→ WORK ORDER:
Extract from the entries below, exactly as given, only the lines from the line containing "l2)) by ring." to the line containing "Lemma sinusoid_root_factor x", both lines included.

→ THE DATA:
# # # #
(* Let $\tilde A\in\widetilde{SL}(2,\mathbb R)_+$ and let $a<b$ be fixed points of $\tilde A$ such that $\tilde A(x)>x$ for all $x\in U:=(a,b)$. Then every other interval $U'=(a',b')$ with the same property ($a'<b'$ fixed points of $\tilde A$ with $\tilde A(x)>x$ for all $x\in U'$) is of the form $U'=(a+k\pi,b+k\pi)$ for some $k\in\mathbb Z$. Moreover, the projective curves $U/\langle\tilde A\rangle$ and $U'/\langle\tilde A\rangle$ are isomorphic.
   Context: Let $\pi:\mathbb R\to\mathbb{RP}^1$, $\pi(t)=[\cos t:\sin t]$, and $\bar\pi(t)=(\cos t,\sin t)\in S^1$; $SL(2,\mathbb R)$ acts on $S^1$ by $A\cdot v=Av/\|Av\|$. The universal cover $\widetilde{SL}(2,\mathbb R)$ is realized as the group of diffeomorphisms $\tilde A$ of $\mathbb R$ for which there exists $A\in SL(2,\mathbb R)$ with $\bar\pi\circ\tilde A=A\cdot\bar\pi$. $\widetilde{SL}(2,\mathbb R)_+$ denotes the set of $\tilde A\in\widetilde{SL}(2,\mathbb R)$ such that $\tilde A(x)>x$ for at least one $x\in\mathbb R$. Intervals of $\mathbb R$ carry the projective structure pulled back from $\mathbb{RP}^1$ by $\pi$; elements of $\widetilde{SL}(2,\mathbb R)$ act by projective maps, and $\langle\tilde A\rangle$ acts freely and properly on $U$, so $U/\langle\tilde A\rangle$ is a closed projective curve. *)

From Stdlib Require Import Reals ZArith.
From Coquelicot Require Import Coquelicot.
Open Scope R_scope.

Definition smooth (f : R -> R) : Prop := forall (n : nat) (x : R), ex_derive_n f n x.

Definition diffeo (f : R -> R) : Prop :=
  exists g : R -> R, (forall x, g (f x) = x) /\ (forall y, f (g y) = y)
                     /\ smooth f /\ smooth g.

(* The action of A = [[p q];[r s]] in SL(2,R) on S^1 : v |-> A v / ||A v||,
   composed with pibar t = (cos t, sin t):  pibar (f t) = A . pibar t. *)
Definition lifts_SL2 (f : R -> R) (p q r s : R) : Prop :=
  p * s - q * r = 1 /\
  forall t : R,
    let u := p * cos t + q * sin t in
    let v := r * cos t + s * sin t in
    cos (f t) = u / sqrt (u ^ 2 + v ^ 2) /\ sin (f t) = v / sqrt (u ^ 2 + v ^ 2).

(* f is an element of the universal cover  ~SL(2,R)  realized as diffeos of R *)
Definition in_SL2tilde (f : R -> R) : Prop :=
  diffeo f /\ exists p q r s : R, lifts_SL2 f p q r s.

Definition in_SL2tilde_plus (f : R -> R) : Prop :=
  in_SL2tilde f /\ exists x : R, f x > x.

(* x and y lie in the same <f>-orbit: y = f^n x for some integer n *)
Definition same_orbit (f : R -> R) (x y : R) : Prop :=
  exists n : nat, y = Nat.iter n f x \/ x = Nat.iter n f y.

(* phi is projective near x (for the structure pulled back from RP^1 by pi):
   on a neighbourhood of x inside (a,b), pi (phi t) = [M] . pi t for some
   M = [[p q];[r s]] in GL(2,R); equality in RP^1 = vanishing of the 2x2 determinant. *)
Definition loc_projective (phi : R -> R) (a b x : R) : Prop :=
  exists p q r s : R, p * s - q * r <> 0 /\
  exists eps : R, eps > 0 /\
    forall t : R, a < t < b -> Rabs (t - x) < eps ->
      (p * cos t + q * sin t) * sin (phi t) - (r * cos t + s * sin t) * cos (phi t) = 0.

(* The closed projective curves (a,b)/<f> and (a',b')/<f> are isomorphic:
   there is a continuous, locally projective surjection phi : (a,b) -> (a',b')
   which induces a bijection of <f>-orbits (i.e. a lift to the universal covers
   of a projective isomorphism of the quotient curves). *)
Definition quotient_iso (f : R -> R) (a b a' b' : R) : Prop :=
  exists phi : R -> R,
    (forall x, a < x < b -> a' < phi x < b') /\
    (forall y, a' < y < b' -> exists x, a < x < b /\ phi x = y) /\
    (forall x, a < x < b -> continuity_pt phi x) /\
    (forall x, a < x < b -> loc_projective phi a b x) /\
    (forall x y, a < x < b -> a < y < b ->
        (same_orbit f x y <-> same_orbit f (phi x) (phi y))).

From Stdlib Require Import Reals ZArith Lra Psatz.
From Coquelicot Require Import Coquelicot.
Open Scope R_scope.

(* Let A lift M in SL(2,R) and have a fixed point. The displacement A t - t
   never reaches +-PI: there (cos t, sin t) would be an eigenvector of M with a
   negative eigenvalue, while the fixed point gives one with a positive
   eigenvalue, impossible when det M = 1. Hence A commutes with translation by
   PI, and A t - t has the sign of the quadratic form
   Q(t) = det((cos t, sin t), M (cos t, sin t)) = |M (cos t, sin t)| sin (A t - t).
   A quadratic form on the circle vanishing at t1 < t2 < t1 + PI is a multiple
   of sin (t - t1) sin (t - t2), so it cannot be positive just after both t1
   and t2. Thus two intervals of the statement whose left endpoints are less
   than PI apart coincide, and the translation by a suitable multiple of PI,
   which is projective and commutes with A, maps U onto U'. *)

Definition positive_interval (f : R -> R) (a b : R) : Prop :=
  a < b /\ f a = a /\ f b = b /\ forall x, a < x < b -> f x > x.

Lemma positive_interval_same_left f a b b' :
  positive_interval f a b -> positive_interval f a b' -> b' = b.
Proof.
  intros [Hab [_ [Hb HU]]] [Hab' [_ [Hb' HU']]].
  destruct (Rtotal_order b b') as [Hlt|[Heq|Hgt]].
  - pose proof (HU' b ltac:(lra)). lra.
  - now symmetry.
  - pose proof (HU b' ltac:(lra)). lra.
Qed.

Lemma positive_interval_translate f c a b :
  (forall x, f (x + c) = f x + c) ->
  positive_interval f a b -> positive_interval f (a + c) (b + c).
Proof.
  intros Hc [Hab [Ha [Hb HU]]].
  repeat split; [lra | rewrite Hc, Ha; reflexivity | rewrite Hc, Hb; reflexivity |].
  intros x Hx. replace x with ((x - c) + c) by ring.
  rewrite Hc. pose proof (HU (x - c) ltac:(lra)). lra.
Qed.

Lemma translate_Z_multiple f c :
  (forall x, f (x + c) = f x + c) ->
  forall (k : Z) x, f (x + IZR k * c) = f x + IZR k * c.
Proof.
  intros Hc k. induction k as [|k IH|k IH] using Z.peano_ind; intro x.
  - simpl. rewrite Rmult_0_l, !Rplus_0_r. reflexivity.
  - rewrite succ_IZR. replace (x + (IZR k + 1) * c) with ((x + c) + IZR k * c) by ring.
    rewrite IH, Hc. ring.
  - rewrite <- Z.sub_1_r, minus_IZR.
    replace (x + (IZR k - 1) * c) with ((x - c) + IZR k * c) by ring.
    pose proof (Hc (x - c)) as E. replace (x - c + c) with x in E by ring.
    rewrite IH. lra.
Qed.

Lemma exists_Z_translate_into c a x :
  0 < c -> exists k : Z, a <= x + IZR k * c < a + c.
Proof.
  intros Hc. destruct (base_Int_part ((x - a) / c)) as [Hlo Hhi].
  exists (- Int_part ((x - a) / c))%Z. rewrite opp_IZR.
  set (n := IZR (Int_part _)) in *.
  assert (E : (x - a) / c * c = x - a) by (field; lra).
  split; nra.
Qed.

Lemma quotient_iso_translate f a b (k : Z) :
  (forall x, f (x + IZR k * PI) = f x + IZR k * PI) ->
  quotient_iso f a b (a + IZR k * PI) (b + IZR k * PI).
Proof.
  intros Hk. set (c := IZR k * PI) in *.
  assert (Hiter : forall n x, Nat.iter n f (x + c) = Nat.iter n f x + c).
  { induction n as [|n IH]; intro x; [reflexivity|]. simpl. rewrite IH. apply Hk. }
  exists (fun x => x + c). repeat split.
  - lra.
  - lra.
  - intros y Hy. exists (y - c). split; [lra | ring].
  - intros x _. apply (continuity_pt_plus (fun x => x) (fun _ => c)).
    + apply continuity_pt_id.
    + apply continuity_pt_const. intros ? ?; reflexivity.
  - intros x _. exists 1, 0, 0, 1. split; [lra|]. exists 1. split; [lra|].
    intros t _ _.
    replace ((1 * cos t + 0 * sin t) * sin (t + c) - (0 * cos t + 1 * sin t) * cos (t + c))
      with (sin ((t + c) - t)) by (rewrite sin_minus; ring).
    replace (t + c - t) with c by ring.
    apply sin_eq_0_1. now exists k.
  - intros [n [Hn|Hn]]; exists n; [left|right]; now rewrite Hiter, Hn.
  - intros [n [Hn|Hn]]; exists n; [left|right]; rewrite Hiter in Hn; lra.
Qed.

Lemma smooth_continuity f : smooth f -> continuity f.
Proof.
  intros Hf x. apply continuity_pt_filterlim.
  exact (@ex_derive_continuous R_AbsRing R_NormedModule f x (Hf 1%nat x)).
Qed.

Lemma continuity_trapped f x0 lo hi :
  continuity f -> lo < f x0 < hi ->
  (forall t, f t <> lo) -> (forall t, f t <> hi) -> forall t, lo < f t < hi.
Proof.
  intros Hf H0 Hlo Hhi t.
  destruct (Rlt_or_le lo (f t)) as [Hl|Hl]; [destruct (Rlt_or_le (f t) hi) as [Hh|Hh]|].
  - now split.
  - destruct (IVT_gen f x0 t hi Hf) as [c [_ Hc]];
      [unfold Rmin, Rmax; destruct Rle_dec; lra | now destruct (Hhi c)].
  - destruct (IVT_gen f x0 t lo Hf) as [c [_ Hc]];
      [unfold Rmin, Rmax; destruct Rle_dec; lra | now destruct (Hlo c)].
Qed.

Lemma cos_sin_inj x y : -PI < x < PI -> -PI < y < PI ->
  cos x = cos y -> sin x = sin y -> x = y.
Proof.
  intros Hx Hy Hc Hs.
  assert (C : cos (x - y) = 1).
  { rewrite cos_minus, Hc, Hs. pose proof (sin2_cos2 y). unfold Rsqr in *. lra. }
  assert (S : sin ((x - y) / 2) = 0).
  { pose proof (cos_2a_sin ((x - y) / 2)) as D.
    replace (2 * ((x - y) / 2)) with (x - y) in D by field. nra. }
  destruct (Rtotal_order ((x - y) / 2) 0) as [Hl|[He|Hg]].
  - pose proof (sin_lt_0_var ((x - y) / 2)). lra.
  - lra.
  - pose proof (sin_gt_0 ((x - y) / 2)). lra.
Qed.

Lemma cos_sin_sq_neq0 t : cos t ^ 2 + sin t ^ 2 <> 0.
Proof. rewrite <- !Rsqr_pow2, Rplus_comm, sin2_cos2. exact R1_neq_R0. Qed.

Lemma eigenvalue_charpoly p q r s x y l : x ^ 2 + y ^ 2 <> 0 ->
  p * x + q * y = l * x -> r * x + s * y = l * y -> (p - l) * (s - l) - q * r = 0.
Proof.
  intros Hxy Ex Ey. set (d := (p - l) * (s - l) - q * r).
  assert (Dx : d * x = 0).
  { replace (d * x) with ((s - l) * ((p * x + q * y) - l * x) - q * ((r * x + s * y) - l * y))
      by (unfold d; ring).
    rewrite Ex, Ey. ring. }
  assert (Dy : d * y = 0).
  { replace (d * y) with ((p - l) * ((r * x + s * y) - l * y) - r * ((p * x + q * y) - l * x))
      by (unfold d; ring).
    rewrite Ex, Ey. ring. }
  apply (Rmult_eq_reg_r (x ^ 2 + y ^ 2)); [|exact Hxy].
  replace (d * (x ^ 2 + y ^ 2)) with (x * (d * x) + y * (d * y)) by ring.
  rewrite Dx, Dy. ring.
Qed.

Lemma SL2_eigenvalues_same_sign p q r s x1 y1 l1 x2 y2 l2 : p * s - q * r = 1 ->
  x1 ^ 2 + y1 ^ 2 <> 0 -> p * x1 + q * y1 = l1 * x1 -> r * x1 + s * y1 = l1 * y1 ->
  x2 ^ 2 + y2 ^ 2 <> 0 -> p * x2 + q * y2 = l2 * x2 -> r * x2 + s * y2 = l2 * y2 ->
  0 < l1 * l2.
Proof.
  intros Hdet H1 E1 F1 H2 E2 F2.
  pose proof (eigenvalue_charpoly _ _ _ _ _ _ _ H1 E1 F1) as C1.
  pose proof (eigenvalue_charpoly _ _ _ _ _ _ _ H2 E2 F2) as C2.
  assert (T1 : (p + s) * l1 = 1 + l1 ^ 2) by nra.
  assert (T2 : (p + s) * l2 = 1 + l2 ^ 2) by nra.
  assert (P : 0 < (p + s) ^ 2 * (l1 * l2)).
  { replace ((p + s) ^ 2 * (l1 * l2)) with (((p + s) * l1) * ((p + s) * l2)) by ring.
    rewrite T1, T2. nra. }
  apply Rnot_le_lt. intro Hle. pose proof (pow2_ge_0 (p + s)). nra.
Qed.

Definition quadratic_on_circle (al be ga t : R) : R :=
  al * cos t ^ 2 + be * cos t * sin t + ga * sin t ^ 2.

Lemma quadratic_on_circle_root_factor al be ga th :
  quadratic_on_circle al be ga th = 0 ->
  forall t, quadratic_on_circle al be ga t =
    sin (t - th) * ((be * cos th + (ga - al) * sin th) * cos t
                    + ((ga - al) * cos th - be * sin th) * sin t).
Proof.
  intros H t. pose proof (sin2_cos2 th) as P. pose proof (sin2_cos2 t) as Pt.
  rewrite !Rsqr_pow2 in P, Pt.
  replace (quadratic_on_circle al be ga t) with
    (quadratic_on_circle al be ga t * (sin th ^ 2 + cos th ^ 2)
     - quadratic_on_circle al be ga th * (sin t ^ 2 + cos t ^ 2)) by (rewrite H, P; ring).
  unfold quadratic_on_circle. rewrite sin_minus. ring.
Qed.

Lemma sinusoid_root_factor x y th : x * cos th + y * sin th = 0 ->
  forall t, x * cos t + y * sin t = (y * cos th - x * sin th) * sin (t - th).
Proof.
  intros H t. pose proof (sin2_cos2 th) as P. unfold Rsqr in P.
  replace (x * cos t + y * sin t) with
    ((x * cos t + y * sin t) * (sin th * sin th + cos th * cos th)
     - (x * cos th + y * sin th) * (cos t * cos th + sin t * sin th)) by (rewrite H, P; ring).
  rewrite sin_minus. ring.
Qed.

Lemma quadratic_on_circle_two_roots al be ga th1 th2 : sin (th2 - th1) <> 0 ->
  quadratic_on_circle al be ga th1 = 0 -> quadratic_on_circle al be ga th2 = 0 ->
  exists K, forall t, quadratic_on_circle al be ga t = K * sin (t - th1) * sin (t - th2).
Proof.
  intros Hsin H1 H2.
  pose proof (quadratic_on_circle_root_factor _ _ _ _ H1) as F.
  set (x := be * cos th1 + (ga - al) * sin th1) in F.
  set (y := (ga - al) * cos th1 - be * sin th1) in F.
  assert (L2 : x * cos th2 + y * sin th2 = 0).
  { rewrite F in H2. apply Rmult_integral in H2 as [|]; [contradiction | assumption]. }
  exists (y * cos th2 - x * sin th2). intro t.
  rewrite F, (sinusoid_root_factor _ _ _ L2 t). ring.
Qed.

Section SL2Lift.

Variables (A : R -> R) (p q r s : R).
Hypothesis HA : lifts_SL2 A p q r s.
Hypothesis HAcont : continuity A.

Let u t := p * cos t + q * sin t.
Let v t := r * cos t + s * sin t.
Let N t := sqrt (u t ^ 2 + v t ^ 2).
# # # #
→ RESULT OF THIS EXERCISE:
  { replace ((p + s) ^ 2 * (l1 * l2)) with (((p + s) * l1) * ((p + s) * l2)) by ring.
    rewrite T1, T2. nra. }
  apply Rnot_le_lt. intro Hle. pose proof (pow2_ge_0 (p + s)). nra.
Qed.

Definition quadratic_on_circle (al be ga t : R) : R :=
  al * cos t ^ 2 + be * cos t * sin t + ga * sin t ^ 2.

Lemma quadratic_on_circle_root_factor al be ga th :
  quadratic_on_circle al be ga th = 0 ->
  forall t, quadratic_on_circle al be ga t =
    sin (t - th) * ((be * cos th + (ga - al) * sin th) * cos t
                    + ((ga - al) * cos th - be * sin th) * sin t).
Proof.
  intros H t. pose proof (sin2_cos2 th) as P. pose proof (sin2_cos2 t) as Pt.
  rewrite !Rsqr_pow2 in P, Pt.
  replace (quadratic_on_circle al be ga t) with
    (quadratic_on_circle al be ga t * (sin th ^ 2 + cos th ^ 2)
     - quadratic_on_circle al be ga th * (sin t ^ 2 + cos t ^ 2)) by (rewrite H, P; ring).
  unfold quadratic_on_circle. rewrite sin_minus. ring.
Qed.

Lemma sinusoid_root_factor x y th : x * cos th + y * sin th = 0 ->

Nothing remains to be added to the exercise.